Lemma card_le_edges_cyclic (T : finType) (e : rel T) :
  simple_graph e -> connected_graph e -> has_cycle e -> #|T| <= #|edges e|.
Proof.
case=> e_sym _ conn [x [p [p_ge2 pp up ea]]].
case/lastP: p p_ge2 pp up ea => [|q a] //; rewrite size_rcons last_rcons => q_gt0 pp up ea.
have conn' := connected_del_edge e_sym conn (connect_del_cycle_edge pp up q_gt0).
have xa_edge : [set x; a] \in edges e by apply/edgesP; exists a, x; rewrite setUC.
have := card_le_edges_connected conn'.
by rewrite edges_del_edge (cardsD1 [set x; a] (edges e)) xa_edge addnC.
Qed.

Lemma deg2_nbr (T : finType) (e : rel T) u a b y :
  deg e u = 2 -> e u a -> e u b -> a != b -> e u y -> (y == a) || (y == b).
Proof.
move=> deg_u eua eub ab euy.
have nbrs_u : [set a; b] = [set v | e u v].
  apply/eqP; rewrite eqEcard cards2 ab -/(deg e u) deg_u andbT.
  by apply/subsetP => v /set2P[]->; rewrite inE.
have : y \in [set v | e u v] by rewrite inE.
by rewrite -nbrs_u !inE.
Qed.

Lemma exists_maximal_path (T : finType) (e : rel T) x :
  exists s, [/\ path e x s, uniq (x :: s) & forall y, e (last x s) y -> y \in x :: s].
Proof.
suff extend s : path e x s -> uniq (x :: s) -> exists s',
    [/\ path e x s', uniq (x :: s') & forall y, e (last x s') y -> y \in x :: s'].
  exact: (extend [::]).
have [k] := ubnP (#|T| - size s); elim: k s => // k IHk s size_s ps us.
have [y /andP[ey y_new]|s_max] := pickP [pred y | e (last x s) y && (y \notin x :: s)].
  have := max_card (mem (x :: s)); rewrite (card_uniqP us) /= => s_lt.
  apply: (IHk (rcons s y)); first by rewrite size_rcons subnS -ltnS prednK // subn_gt0.
    by rewrite rcons_path ps ey.
  by rewrite -rcons_cons rcons_uniq y_new us.
exists s; split=> // y ey; apply: contraFT (s_max y) => y_new.
by rewrite /= ey y_new.
Qed.

Lemma ordS_ordS_neq n (i : 'I_n) : 2 < n -> ordS (ordS i) != i.
Proof.
move=> n_gt2; apply/eqP => /(congr1 val) /=.
have [i_lt|i_eq] : i.+1 < n \/ i.+1 = n by have := ltn_ord i; lia.
  rewrite (modn_small i_lt); have [i2_lt|i2_eq] : i.+2 < n \/ i.+2 = n by lia.
    by rewrite modn_small //; lia.
  by rewrite i2_eq modnn; lia.
by rewrite i_eq modnn modn_small //; lia.
Qed.

Section TwoRegular.
Variables (T : finType) (e : rel T).
Hypotheses (e_sym : symmetric e) (e_irr : irreflexive e).
Hypothesis deg_eq2 : forall v, deg e v = 2.
Variables (x0 : T) (s : seq T).
Hypotheses (path_s : path e x0 s) (uniq_s : uniq (x0 :: s)).
Hypothesis s_max : forall y, e (last x0 s) y -> y \in x0 :: s.

Local Notation c := (x0 :: s).
Local Notation n := (size c).
Local Notation C i := (nth x0 c i).

Lemma nth_path_adj i : i.+1 < n -> e (C i) (C i.+1).
Proof. exact: (pathP x0 path_s). Qed.

Lemma nth_path_inj i j : i < n -> j < n -> (C i == C j) = (i == j).
Proof. by move=> i_lt j_lt; rewrite nth_uniq. Qed.

Lemma inner_vertex_nbr j z : 0 < j -> j.+1 < n -> e (C j) z -> (z == C j.-1) || (z == C j.+1).
Proof.
move=> j_gt0 j_lt; apply: deg2_nbr; rewrite ?deg_eq2 ?nth_path_adj //.
  by rewrite e_sym -[in C j](prednK j_gt0) nth_path_adj // prednK // ltnW.
by rewrite nth_path_inj; lia.
Qed.

Lemma last_vertex_nbr j : j < n -> e (C n.-1) (C j) -> (j == 0) || (j == n.-2).
Proof.
move=> j_lt e_last_j; apply/negPn/negP => /norP[j_neq0 j_neq].
have j_neq_last : j != n.-1 by apply: contraTneq e_last_j => ->; rewrite e_irr.
move: e_last_j; rewrite e_sym => /inner_vertex_nbr.
by rewrite !nth_path_inj; lia.
Qed.

(* Interior vertices of the path already have their two neighbours on it, so
   the neighbours of the last vertex can only be the first and the penultimate. *)
Lemma closing_edge : 3 <= n /\ e (C n.-1) (C 0).
Proof.
have nbr_index y : e (C n.-1) y -> exists2 j, (j == 0) || (j == n.-2) & y = C j.
  move=> ey; have y_c : y \in c by apply: s_max; rewrite (last_nth x0).
  exists (index y c); last by rewrite nth_index.
  by apply: last_vertex_nbr; rewrite ?index_mem ?nth_index.
have [y1 [y2 [y12 nbrs]]] : exists y1 y2, y1 != y2 /\ [set y | e (C n.-1) y] = [set y1; y2].
  by apply/cards2P; rewrite -/(deg e _) deg_eq2.
have e_last y : y \in [set y1; y2] -> e (C n.-1) y by rewrite -nbrs inE.
have [j1 j1P y1_C] := nbr_index y1 (e_last y1 (set21 y1 y2)).
have [j2 j2P y2_C] := nbr_index y2 (e_last y2 (set22 y1 y2)).
have j12 : j1 != j2 by apply: contraNneq y12 => j12; rewrite y1_C y2_C j12.
split; first by move: j1P j2P j12 => /=; lia.
have [j1_0|j1_ne0] := eqVneq j1 0; first by rewrite -j1_0 -y1_C e_last ?set21.
have j2_0 : j2 = 0 by move: j1P j2P j12 j1_ne0; lia.
by rewrite -j2_0 -y2_C e_last ?set22.
Qed.

Definition cycle_vertex (i : 'I_n) : T := C i.

Lemma cycle_vertex_inj : injective cycle_vertex.
Proof. by move=> i j /eqP; rewrite nth_path_inj // => /eqP/val_inj. Qed.

Lemma cycle_vertex_adj_ordS i : e (cycle_vertex i) (cycle_vertex (ordS i)).
Proof.
rewrite /cycle_vertex /=; have [i_lt|i_ge] := ltnP i.+1 n.
  by rewrite modn_small ?nth_path_adj.
have -> : i = n.-1 :> nat by have := ltn_ord i; lia.
by rewrite prednK // modnn; case: closing_edge.
Qed.

Lemma cycle_vertex_nbr i y :
  e (cycle_vertex i) y -> (y == cycle_vertex (ordS i)) || (y == cycle_vertex (ord_pred i)).
Proof.
apply: deg2_nbr; rewrite ?deg_eq2 ?cycle_vertex_adj_ordS //.
  by rewrite e_sym; have := cycle_vertex_adj_ordS (ord_pred i); rewrite ord_predK.
rewrite (inj_eq cycle_vertex_inj) -(inj_eq (@ordS_inj _)) ord_predK.
by apply: ordS_ordS_neq; case: closing_edge.
Qed.

Lemma cycle_vertex_adj i j :
  e (cycle_vertex i) (cycle_vertex j) = (j == ordS i) || (i == ordS j).
Proof.
apply/idP/orP => [/cycle_vertex_nbr|[]/eqP->];
  rewrite ?cycle_vertex_adj_ordS 1?e_sym ?cycle_vertex_adj_ordS //.
by rewrite !(inj_eq cycle_vertex_inj) => /orP[->|/eqP->]; [left | right; rewrite ord_predK].
Qed.

Hypothesis conn : connected_graph e.

Lemma mem_maximal_path y : y \in c.
Proof.
have c_closed : closed e [pred y | y \in c].
  apply: (intro_closed (sym_connect_sym e_sym)) => x z exz /= x_c.
  have x_idx : index x c < n by rewrite index_mem.
  have x_eq : x = cycle_vertex (Ordinal x_idx) by rewrite /cycle_vertex nth_index.
  rewrite x_eq in exz.
  by case/orP: (cycle_vertex_nbr exz) => /eqP->; rewrite /cycle_vertex mem_nth.
by have := closed_connect c_closed (conn x0 y); rewrite /= mem_head.
Qed.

------------------------------------------------------------------------

Try it:
Each line from the top of the entries above through the line containing "by rewrite rcons_path ps ey." must be transcribed exactly, and no other line may appear.

Completed exercise:
Lemma card_le_edges_cyclic (T : finType) (e : rel T) :
  simple_graph e -> connected_graph e -> has_cycle e -> #|T| <= #|edges e|.
Proof.
case=> e_sym _ conn [x [p [p_ge2 pp up ea]]].
case/lastP: p p_ge2 pp up ea => [|q a] //; rewrite size_rcons last_rcons => q_gt0 pp up ea.
have conn' := connected_del_edge e_sym conn (connect_del_cycle_edge pp up q_gt0).
have xa_edge : [set x; a] \in edges e by apply/edgesP; exists a, x; rewrite setUC.
have := card_le_edges_connected conn'.
by rewrite edges_del_edge (cardsD1 [set x; a] (edges e)) xa_edge addnC.
Qed.

Lemma deg2_nbr (T : finType) (e : rel T) u a b y :
  deg e u = 2 -> e u a -> e u b -> a != b -> e u y -> (y == a) || (y == b).
Proof.
move=> deg_u eua eub ab euy.
have nbrs_u : [set a; b] = [set v | e u v].
  apply/eqP; rewrite eqEcard cards2 ab -/(deg e u) deg_u andbT.
  by apply/subsetP => v /set2P[]->; rewrite inE.
have : y \in [set v | e u v] by rewrite inE.
by rewrite -nbrs_u !inE.
Qed.

Lemma exists_maximal_path (T : finType) (e : rel T) x :
  exists s, [/\ path e x s, uniq (x :: s) & forall y, e (last x s) y -> y \in x :: s].
Proof.
suff extend s : path e x s -> uniq (x :: s) -> exists s',
    [/\ path e x s', uniq (x :: s') & forall y, e (last x s') y -> y \in x :: s'].
  exact: (extend [::]).
have [k] := ubnP (#|T| - size s); elim: k s => // k IHk s size_s ps us.
have [y /andP[ey y_new]|s_max] := pickP [pred y | e (last x s) y && (y \notin x :: s)].
  have := max_card (mem (x :: s)); rewrite (card_uniqP us) /= => s_lt.
  apply: (IHk (rcons s y)); first by rewrite size_rcons subnS -ltnS prednK // subn_gt0.
    by rewrite rcons_path ps ey.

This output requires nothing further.